(* Let $p$ be a prime and $n$ a positive integer with $p<n$. Then $$\mathcal{Q}_n=\mathcal{M}^n+\big(q_{n,p}G_p(X),\,q_{n,p+1}G_{p+1}(X),\dots,q_{n,n-1}G_{n-1}(X)\big),$$ where for $k=p,\dots,n-1$ the integer $q_{n,k}$ is $p^{\,n-v_p((pk)!)}$ if $v_p((pk)!)<n$ and $1$ otherwise. In particular $\mathcal{M}^n$ is strictly contained in $\mathcal{Q}_n$.
   Context: Fix a prime $p$ and $n\geq1$. $\mathcal{M}=(p,X)\subseteq\mathbb{Z}[X]$ and $\mathcal{Q}_n=\bigcap_{i\in\{0,\dots,p^n-1\},\ p\mid i}(p^n,X-i)$, i.e. the set of $f\in\mathbb{Z}[X]$ with $p^n\mid f(i)$ for every integer $i$ divisible by $p$. For $k\geq1$, $G_k(X)=\prod_{h=0}^{k-1}(X-hp)$, and $G_0(X)=1$. $v_p$ is the $p$-adic valuation. *)

From HB Require Import structures.
From mathcomp Require Import all_boot all_order all_algebra.
Set Implicit Arguments. Unset Strict Implicit. Unset Printing Implicit Defensive.
Import Order.TTheory GRing.Theory Num.Theory.
Local Open Scope ring_scope.

Definition Gpoly (p k : nat) : {poly int} :=
  \prod_(h < k) ('X - ((h * p)%N%:Z)%:P).

Definition qnk (p n k : nat) : int :=
  if (logn p (p * k)`! < n)%N then ((p ^ (n - logn p (p * k)`!))%N)%:Z else 1.

(* Q_n = intersection over i in {0..p^n-1}, p | i, of (p^n, X - i):
   f in (p^n, X - i) iff p^n | f(i). *)
Definition inQ (p n : nat) (f : {poly int}) : Prop :=
  forall i : nat, (i < p ^ n)%N -> (p %| i)%N -> ((p ^ n)%N%:Z %| f.[i%:Z])%Z.

(* M^n, M = (p, X): generated by the products of n generators, i.e. by
   p^(n-j) X^j, j = 0..n. *)
Definition inMpow (p n : nat) (f : {poly int}) : Prop :=
  exists c : nat -> {poly int},
    f = \sum_(j < n.+1) c j * (((p ^ (n - j))%N%:Z)%:P * 'X^j).

Definition inMpowPlus (p n : nat) (f : {poly int}) : Prop :=
  exists (c d : nat -> {poly int}),
    f = \sum_(j < n.+1) c j * (((p ^ (n - j))%N%:Z)%:P * 'X^j)
        + \sum_(p <= k < n) d k * ((qnk p n k)%:P * Gpoly p k).

(* M^n is described coefficientwise (Mcoef): f is in M^n iff p^(n-j) divides
   the j-th coefficient of f.  Since G_k(mp) = p^k k! C(m,k) and
   v_p(p^k k!) = v_p((pk)!), the number q_{n,k} is the least power of p that
   multiplies p^k k! into p^n Z; hence q_{n,k} G_k is in Q_n, and so is M^n.
   Conversely, let I be the right-hand ideal and f in Q_n.  By induction on
   k <= n we write f = G_k g + (element of I): dividing g by X - kp gives
   G_k g = G_{k+1} g' + c G_k with c = g(kp), and evaluating at kp shows that
   p^n divides p^k k! c, i.e. q_{n,k} divides c, so c G_k lies in I (for k < p
   because q_{n,k} G_k = p^(n-k) G_k is already in M^n).  Finally
   G_n g is in M^n since p^(n-j) divides the j-th coefficient of G_n.
   The inclusion M^n < Q_n is strict: the X^p-coefficient of q_{n,p} G_p is
   q_{n,p} = p^(n-p-1) (or 1), which p^(n-p) does not divide. *)

From HB Require Import structures.
From mathcomp Require Import all_boot all_order all_algebra.
From mathcomp Require Import zify ring.
Set Implicit Arguments. Unset Strict Implicit.
Import Order.TTheory GRing.Theory Num.Theory.
Local Open Scope ring_scope.

Lemma logn_fact_le p m N : prime p -> (m <= N)%N ->
  logn p m`! = (\sum_(1 <= i < N.+1) m %/ p ^ i)%N.
Proof.
move=> pp mN; rewrite logn_fact // [RHS](big_cat_nat _ (n := m.+1)) //=.
rewrite [X in (_ + X)%N]big1_seq ?addn0 // => i /andP[_].
rewrite mem_index_iota => /andP[mi _]; apply: divn_small.
exact: leq_trans mi (ltnW (ltn_expl _ (prime_gt1 pp))).
Qed.

Lemma logn_fact_mulp p k : prime p -> logn p (p * k)`! = (k + logn p k`!)%N.
Proof.
move=> pp; have p0 := prime_gt0 pp.
rewrite (logn_fact_le pp (leqnSn (p * k))) big_ltn // expn1 mulKn //.
rewrite big_add1 /= (logn_fact_le pp (leq_pmull k p0)); congr (_ + _)%N.
by apply: eq_bigr => i _; rewrite expnS divnMl.
Qed.

Lemma logn_fact_small p k : prime p -> (k < p)%N -> logn p k`! = 0%N.
Proof.
move=> pp kp; rewrite (logn_fact_le pp (leqnn k)) big1_seq // => i.
rewrite mem_index_iota => /andP[_ /andP[i1 _]]; apply: divn_small.
by apply: leq_trans kp _; rewrite -{1}(expn1 p) leq_exp2l ?prime_gt1.
Qed.

Lemma logn_expn_fact p k : prime p -> logn p (p ^ k * k`!) = logn p (p * k)`!.
Proof.
move=> pp; rewrite lognM ?fact_gt0 ?expn_gt0 ?prime_gt0 //.
by rewrite pfactorK // logn_fact_mulp.
Qed.

(* The evaluation points kp, k < n, lie in the range 0 .. p^n - 1 of inQ. *)
Lemma ltn_mul_expn p k n : (1 < p)%N -> (k < n)%N -> (k * p < p ^ n)%N.
Proof.
move=> p1 kn; case: n kn => // n; rewrite ltnS expnSr => kn.
by rewrite ltn_mul2r (ltnW p1) (leq_ltn_trans kn (ltn_expl n p1)).
Qed.

Lemma dvdz_natexp2l p a b : (a <= b)%N -> ((p ^ a)%N%:Z %| (p ^ b)%N%:Z)%Z.
Proof. by move=> ab; rewrite dvdzE /= dvdn_exp2l. Qed.

Lemma dvdz_pfactor_cancel p n m (c : int) : prime p -> (0 < m)%N ->
  (logn p m <= n)%N -> ((p ^ n)%N%:Z %| c * m%:Z)%Z ->
  ((p ^ (n - logn p m))%N%:Z %| c)%Z.
Proof.
move=> pp m0 vn; have [u cu em] := pfactor_coprime pp m0.
rewrite {1}em PoszM !dvdzE abszM /= -{1}(subnK vn) expnD mulnA.
by rewrite dvdn_pmul2r ?expn_gt0 ?prime_gt0 // Gauss_dvdl // coprimeXl.
Qed.

Lemma Gpoly0 p : Gpoly p 0 = 1.
Proof. by rewrite /Gpoly big_ord0. Qed.

Lemma GpolyS p k : Gpoly p k.+1 = Gpoly p k * ('X - ((k * p)%N%:Z)%:P).
Proof. by rewrite /Gpoly big_ord_recr. Qed.

(* p^(k-j) divides the j-th coefficient of G_k (each root is a multiple of p). *)
Lemma Gpoly_coef_dvd p k j : ((p ^ (k - j))%N%:Z %| (Gpoly p k)`_j)%Z.
Proof.
elim: k j => [|k IH] j.
  by rewrite Gpoly0 coefC; case: j => [|j] //=; rewrite dvdz0.
rewrite GpolyS mulrBr coefB coefMX coefMC; apply: rpredB.
  by case: j => [|j] /=; rewrite ?dvdz0 ?subSS.
apply: (@dvdz_trans ((p ^ (k - j) * p)%N%:Z)).
  by rewrite -expnSr dvdz_natexp2l //; lia.
by rewrite !PoszM dvdz_mul // dvdz_mull.
Qed.

Lemma Gpoly_lead p k : (Gpoly p k)`_k = 1.
Proof.
have := monic_prod_XsubC (index_enum 'I_k) predT (fun h : 'I_k => (h * p)%N%:Z).
rewrite -/(Gpoly p k) => /monicP; rewrite lead_coefE size_prod_XsubC.
by rewrite /index_enum unlock -enumT size_enum_ord.
Qed.

Lemma Gpoly_horner p k m : (Gpoly p k).[(m * p)%N%:Z] = (p ^ k * m ^_ k)%N%:Z.
Proof.
elim: k => [|k IH]; first by rewrite Gpoly0 hornerC ffactn0 expn0.
rewrite GpolyS hornerM hornerXsubC IH ffactnSr.
have [km|mk] := leqP k m; last by rewrite ffact_small // !muln0 mul0r.
by rewrite subzn ?leq_mul2r ?km ?orbT // -PoszM -mulnBl expnSr; congr Posz; ring.
Qed.

Section PowerOfM.
Variables p n : nat.

Definition Mcoef (f : {poly int}) : Prop :=
  forall j : nat, ((p ^ (n - j))%N%:Z %| f`_j)%Z.

Lemma Mcoef0 : Mcoef 0.
Proof. by move=> j; rewrite coef0 dvdz0. Qed.

Lemma McoefD f g : Mcoef f -> Mcoef g -> Mcoef (f + g).
Proof. by move=> hf hg j; rewrite coefD rpredD. Qed.

Lemma McoefM f g : Mcoef g -> Mcoef (f * g).
Proof.
move=> hg j; rewrite coefM; apply: rpred_sum => i _; apply: dvdz_mull.
by apply: dvdz_trans (hg _); rewrite dvdz_natexp2l //; have := ltn_ord i; lia.
Qed.

Lemma Mcoef_sum (I : Type) (r : seq I) (P : pred I) (F : I -> {poly int}) :
  (forall i, P i -> Mcoef (F i)) -> Mcoef (\sum_(i <- r | P i) F i).
Proof. by move=> h; elim/big_ind: _ => //; [exact: Mcoef0 | exact: McoefD]. Qed.

Lemma inMpowE f : inMpow p n f <-> Mcoef f.
Proof.
split=> [[c ->]|hf].
  apply: Mcoef_sum => j _; apply: McoefM => i.
  by rewrite coefCM coefXn; case: eqP => [->|_]; rewrite ?mulr1 ?mulr0 ?dvdz0.
exists (fun j => if (j < n)%N then (f`_j %/ (p ^ (n - j))%N%:Z)%Z%:P
                 else drop_poly n f).
rewrite big_ord_recr /= ltnn subnn expn0 mul1r.
rewrite -[f in LHS](poly_take_drop n); congr (_ + _).
rewrite /take_poly poly_def; apply: eq_bigr => i _ /=.
by rewrite (ltn_ord i) mulrA -polyCM divzK // mul_polyC.
Qed.

Lemma Mcoef_pG k : (k <= n)%N -> Mcoef ((p ^ (n - k))%N%:Z%:P * Gpoly p k).
Proof.
move=> kn j; rewrite coefCM.
apply: (@dvdz_trans ((p ^ (n - k) * p ^ (k - j))%N%:Z)).
  by rewrite -expnD dvdz_natexp2l //; lia.
by rewrite PoszM dvdz_mul // Gpoly_coef_dvd.
Qed.

Lemma Mcoef_G k : (n <= k)%N -> Mcoef (Gpoly p k).
Proof.
by move=> nk j; apply: dvdz_trans (Gpoly_coef_dvd p k j); rewrite dvdz_natexp2l //; lia.
Qed.

End PowerOfM.

Section IdealQ.
Variables p n : nat.
Local Notation Q := (inQ p n).

Lemma QD f g : Q f -> Q g -> Q (f + g).
Proof. by move=> hf hg i ip pi; rewrite hornerD rpredD ?hf ?hg. Qed.

Lemma QB f g : Q f -> Q g -> Q (f - g).
Proof. by move=> hf hg i ip pi; rewrite hornerD hornerN rpredB ?hf ?hg. Qed.

Lemma QM f g : Q g -> Q (f * g).
Proof. by move=> hg i ip pi; rewrite hornerM dvdz_mull ?hg. Qed.

Lemma Q_sum (I : Type) (r : seq I) (P : pred I) (F : I -> {poly int}) :
  (forall i, P i -> Q (F i)) -> Q (\sum_(i <- r | P i) F i).
Proof.
move=> h; elim/big_ind: _ => //; last exact: QD.
by move=> i _ _; rewrite horner0 dvdz0.
Qed.

(* M^n is contained in Q_n: if p | i, then p^(n-j) p^j divides a_j i^j. *)
Lemma Mcoef_Q f : Mcoef p n f -> Q f.
Proof.
move=> hf i _ /divnK ei; rewrite horner_coef; apply: rpred_sum => j _.
apply: (@dvdz_trans ((p ^ (n - j) * p ^ j)%N%:Z)).
  by rewrite -expnD dvdz_natexp2l //; lia.
rewrite PoszM dvdz_mul ?hf // dvdzE abszX /= dvdn_exp2r //.
by rewrite -ei dvdn_mull.
Qed.

Hypothesis pp : prime p.

(* q_{n,k} generates the ideal of integers c such that p^n | c p^k k!. *)
Lemma qnk_annihilates k : ((p ^ n)%N%:Z %| qnk p n k * (p ^ k * k`!)%N%:Z)%Z.
Proof.
have hv := pfactor_dvdnn p (p ^ k * k`!); rewrite logn_expn_fact // in hv.
rewrite /qnk; case: ltnP => vn.
  by rewrite -PoszM dvdzE /= -{1}(subnK (ltnW vn)) expnD dvdn_mul.
by rewrite mul1r dvdzE /=; apply: dvdn_trans hv; apply: dvdn_exp2l.
Qed.

Lemma qnk_dvd k c : ((p ^ n)%N%:Z %| c * (p ^ k * k`!)%N%:Z)%Z -> (qnk p n k %| c)%Z.
Proof.
rewrite /qnk -logn_expn_fact //; case: ltnP => vn h; last exact: dvd1z.
apply: dvdz_pfactor_cancel h => //; last exact: ltnW.
by rewrite muln_gt0 expn_gt0 prime_gt0 ?fact_gt0.
Qed.

(* q_{n,k} G_k lies in Q_n, since G_k(mp) = p^k k! C(m,k). *)
Lemma qG_Q k : Q ((qnk p n k)%:P * Gpoly p k).
Proof.
move=> i _ /divnK ei; rewrite hornerCM -ei Gpoly_horner -bin_ffact.
by rewrite (mulnC 'C(_, _)) mulnA PoszM mulrA dvdz_mulr // qnk_annihilates.
Qed.

End IdealQ.

Section IdealI.
Variables p n : nat.
Hypothesis pp : prime p.

Local Notation qG k := ((qnk p n k)%:P * Gpoly p k).

Definition inI (f : {poly int}) : Prop :=
  exists d : nat -> {poly int}, Mcoef p n (f - \sum_(p <= k < n) d k * qG k).

Lemma inI_inMpowPlus f : inI f <-> inMpowPlus p n f.
Proof.
split=> [[d /inMpowE [c ec]] | [c [d ->]]].
  by exists c, d; rewrite -ec subrK.
by exists d; rewrite addrK -inMpowE; exists c.
Qed.

Lemma inI_of_Mcoef f : Mcoef p n f -> inI f.
Proof. by move=> hf; exists (fun=> 0); rewrite big1 ?subr0 // => k _; rewrite mul0r. Qed.

Lemma inID f g : inI f -> inI g -> inI (f + g).
Proof.
move=> [d hd] [e he]; exists (fun k => d k + e k).
under eq_bigr => k _ do rewrite mulrDl.
by rewrite big_split /= opprD addrACA; apply: McoefD.
Qed.

Lemma inIM h f : inI f -> inI (h * f).
Proof.
move=> [d hd]; exists (fun k => h * d k).
under eq_bigr => k _ do rewrite -mulrA.
by rewrite -mulr_sumr -mulrBr; apply: McoefM.
Qed.

Lemma inI_Q f : inI f -> inQ p n f.
Proof.
move=> [d hd]; rewrite -(subrK (\sum_(p <= k < n) d k * qG k) f).
by apply: QD; [exact: Mcoef_Q | apply: Q_sum => k _; apply/QM/qG_Q].
Qed.

(* q_{n,k} G_k lies in I for every k < n: for k < p it equals p^(n-k) G_k. *)
Lemma inI_qG k : (k < n)%N -> inI (qG k).
Proof.
move=> kn; have [kp | pk] := ltnP k p.
  have vk : logn p (p * k)`! = k by rewrite logn_fact_mulp // logn_fact_small ?addn0.
  by apply: inI_of_Mcoef; rewrite /qnk vk kn; apply/Mcoef_pG/ltnW.
exists (fun j => if j == k then 1 else 0).
under eq_bigr => j _ do rewrite (fun_if (fun a => a * qG j)) mul1r mul0r.
by rewrite -big_mkcond big_nat1_eq pk kn subrr; apply: Mcoef0.
Qed.

(* Reduction step: if G_k g is in Q_n, then G_k g = G_{k+1} g' modulo I, because
   the remainder g(kp) of g modulo X - kp is divisible by q_{n,k}. *)
Lemma inI_reduce k g : (k < n)%N -> inQ p n (Gpoly p k * g) ->
  exists g', inI (Gpoly p k * g - Gpoly p k.+1 * g').
Proof.
move=> kn hQ; set a := (k * p)%N%:Z; set c := g.[a].
have /factor_theorem [g' eg'] : root (g - c%:P) a.
  by rewrite rootE hornerD hornerN hornerC subrr.
exists g'.
have -> : Gpoly p k * g - Gpoly p k.+1 * g' = c%:P * Gpoly p k.
  by rewrite GpolyS -/a -[g](subrK c%:P) eg'; ring.
have hc : ((p ^ n)%N%:Z %| c * (p ^ k * k`!)%N%:Z)%Z.
  have := hQ _ (ltn_mul_expn (prime_gt1 pp) kn) (dvdn_mull _ (dvdnn p)).
  by rewrite hornerM Gpoly_horner ffactnn mulrC.
by rewrite -(divzK (qnk_dvd pp hc)) polyCM -mulrA; apply/inIM/inI_qG.
Qed.

(* Q_n is contained in I, by iterating the reduction step from k = 0 to k = n. *)
Lemma Q_inI f : inQ p n f -> inI f.
Proof.
move=> Qf.
have reach k : (k <= n)%N -> exists g, inI (f - Gpoly p k * g).
  elim: k => [_ | k IH kn].
    by exists f; rewrite Gpoly0 mul1r subrr; apply/inI_of_Mcoef/Mcoef0.
  have [g hg] := IH (ltnW kn).
  have hQ : inQ p n (Gpoly p k * g).
    by rewrite -[_ * g](subKr f); apply: QB Qf (inI_Q hg).
  have [g' hg'] := inI_reduce kn hQ.
  by exists g'; rewrite -(subrK (Gpoly p k * g) f) -addrA; apply: inID.
have [g hg] := reach n (leqnn n).
rewrite -(subrK (Gpoly p n * g) f); apply: inID hg _.
by apply: inI_of_Mcoef; rewrite mulrC; apply/McoefM/Mcoef_G.
Qed.

End IdealI.

(* q_{n,p} G_p is not in M^n: its X^p-coefficient q_{n,p} is not divisible by p^(n-p). *)
Lemma qG_notin_Mcoef p n : prime p -> (p < n)%N ->
  ~ Mcoef p n ((qnk p n p)%:P * Gpoly p p).
Proof.
move=> pp pn /(_ p); rewrite coefCM Gpoly_lead mulr1.
have vp : logn p (p * p)`! = p.+1.
  rewrite logn_fact_mulp // -[p in p`!]muln1 logn_fact_mulp //.
  by rewrite logn_fact_small ?prime_gt1 // addn0 addn1.
rewrite /qnk vp dvdzE /=; case: ltnP => h.
  by rewrite dvdn_Pexp2l ?prime_gt1 //; lia.
move/(dvdn_leq (ltnSn 0)); have := ltn_expl (n - p) (prime_gt1 pp); lia.
Qed.

Theorem mainTheorem15 (p n : nat) :
  prime p -> (0 < n)%N -> (p < n)%N ->
  (forall f : {poly int}, inQ p n f <-> inMpowPlus p n f) /\
  ((forall f : {poly int}, inMpow p n f -> inQ p n f) /\
   exists f : {poly int}, inQ p n f /\ ~ inMpow p n f).
Proof.
move=> pp _ pn; split.
  by move=> f; rewrite -inI_inMpowPlus; split; [exact: Q_inI | exact: inI_Q].
split; first by move=> f /inMpowE; exact: Mcoef_Q.
exists ((qnk p n p)%:P * Gpoly p p); split; first exact: qG_Q.
by rewrite inMpowE; exact: qG_notin_Mcoef.
Qed.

────

__What you are asked to do__
Given the records above, reproduce precisely and only the lines between the line holding "rewrite /qnk -logn_expn_fact" and the line holding "Lemma inIM h f : inI f -> inI (h * f).", inclusive.

__Written answer__
rewrite /qnk -logn_expn_fact //; case: ltnP => vn h; last exact: dvd1z.
apply: dvdz_pfactor_cancel h => //; last exact: ltnW.
by rewrite muln_gt0 expn_gt0 prime_gt0 ?fact_gt0.
Qed.

(* q_{n,k} G_k lies in Q_n, since G_k(mp) = p^k k! C(m,k). *)
Lemma qG_Q k : Q ((qnk p n k)%:P * Gpoly p k).
Proof.
move=> i _ /divnK ei; rewrite hornerCM -ei Gpoly_horner -bin_ffact.
by rewrite (mulnC 'C(_, _)) mulnA PoszM mulrA dvdz_mulr // qnk_annihilates.
Qed.

End IdealQ.

Section IdealI.
Variables p n : nat.
Hypothesis pp : prime p.

Local Notation qG k := ((qnk p n k)%:P * Gpoly p k).

Definition inI (f : {poly int}) : Prop :=
  exists d : nat -> {poly int}, Mcoef p n (f - \sum_(p <= k < n) d k * qG k).

Lemma inI_inMpowPlus f : inI f <-> inMpowPlus p n f.
Proof.
split=> [[d /inMpowE [c ec]] | [c [d ->]]].
  by exists c, d; rewrite -ec subrK.
by exists d; rewrite addrK -inMpowE; exists c.
Qed.

Lemma inI_of_Mcoef f : Mcoef p n f -> inI f.
Proof. by move=> hf; exists (fun=> 0); rewrite big1 ?subr0 // => k _; rewrite mul0r. Qed.

Lemma inID f g : inI f -> inI g -> inI (f + g).
Proof.
move=> [d hd] [e he]; exists (fun k => d k + e k).
under eq_bigr => k _ do rewrite mulrDl.
by rewrite big_split /= opprD addrACA; apply: McoefD.
Qed.

Lemma inIM h f : inI f -> inI (h * f).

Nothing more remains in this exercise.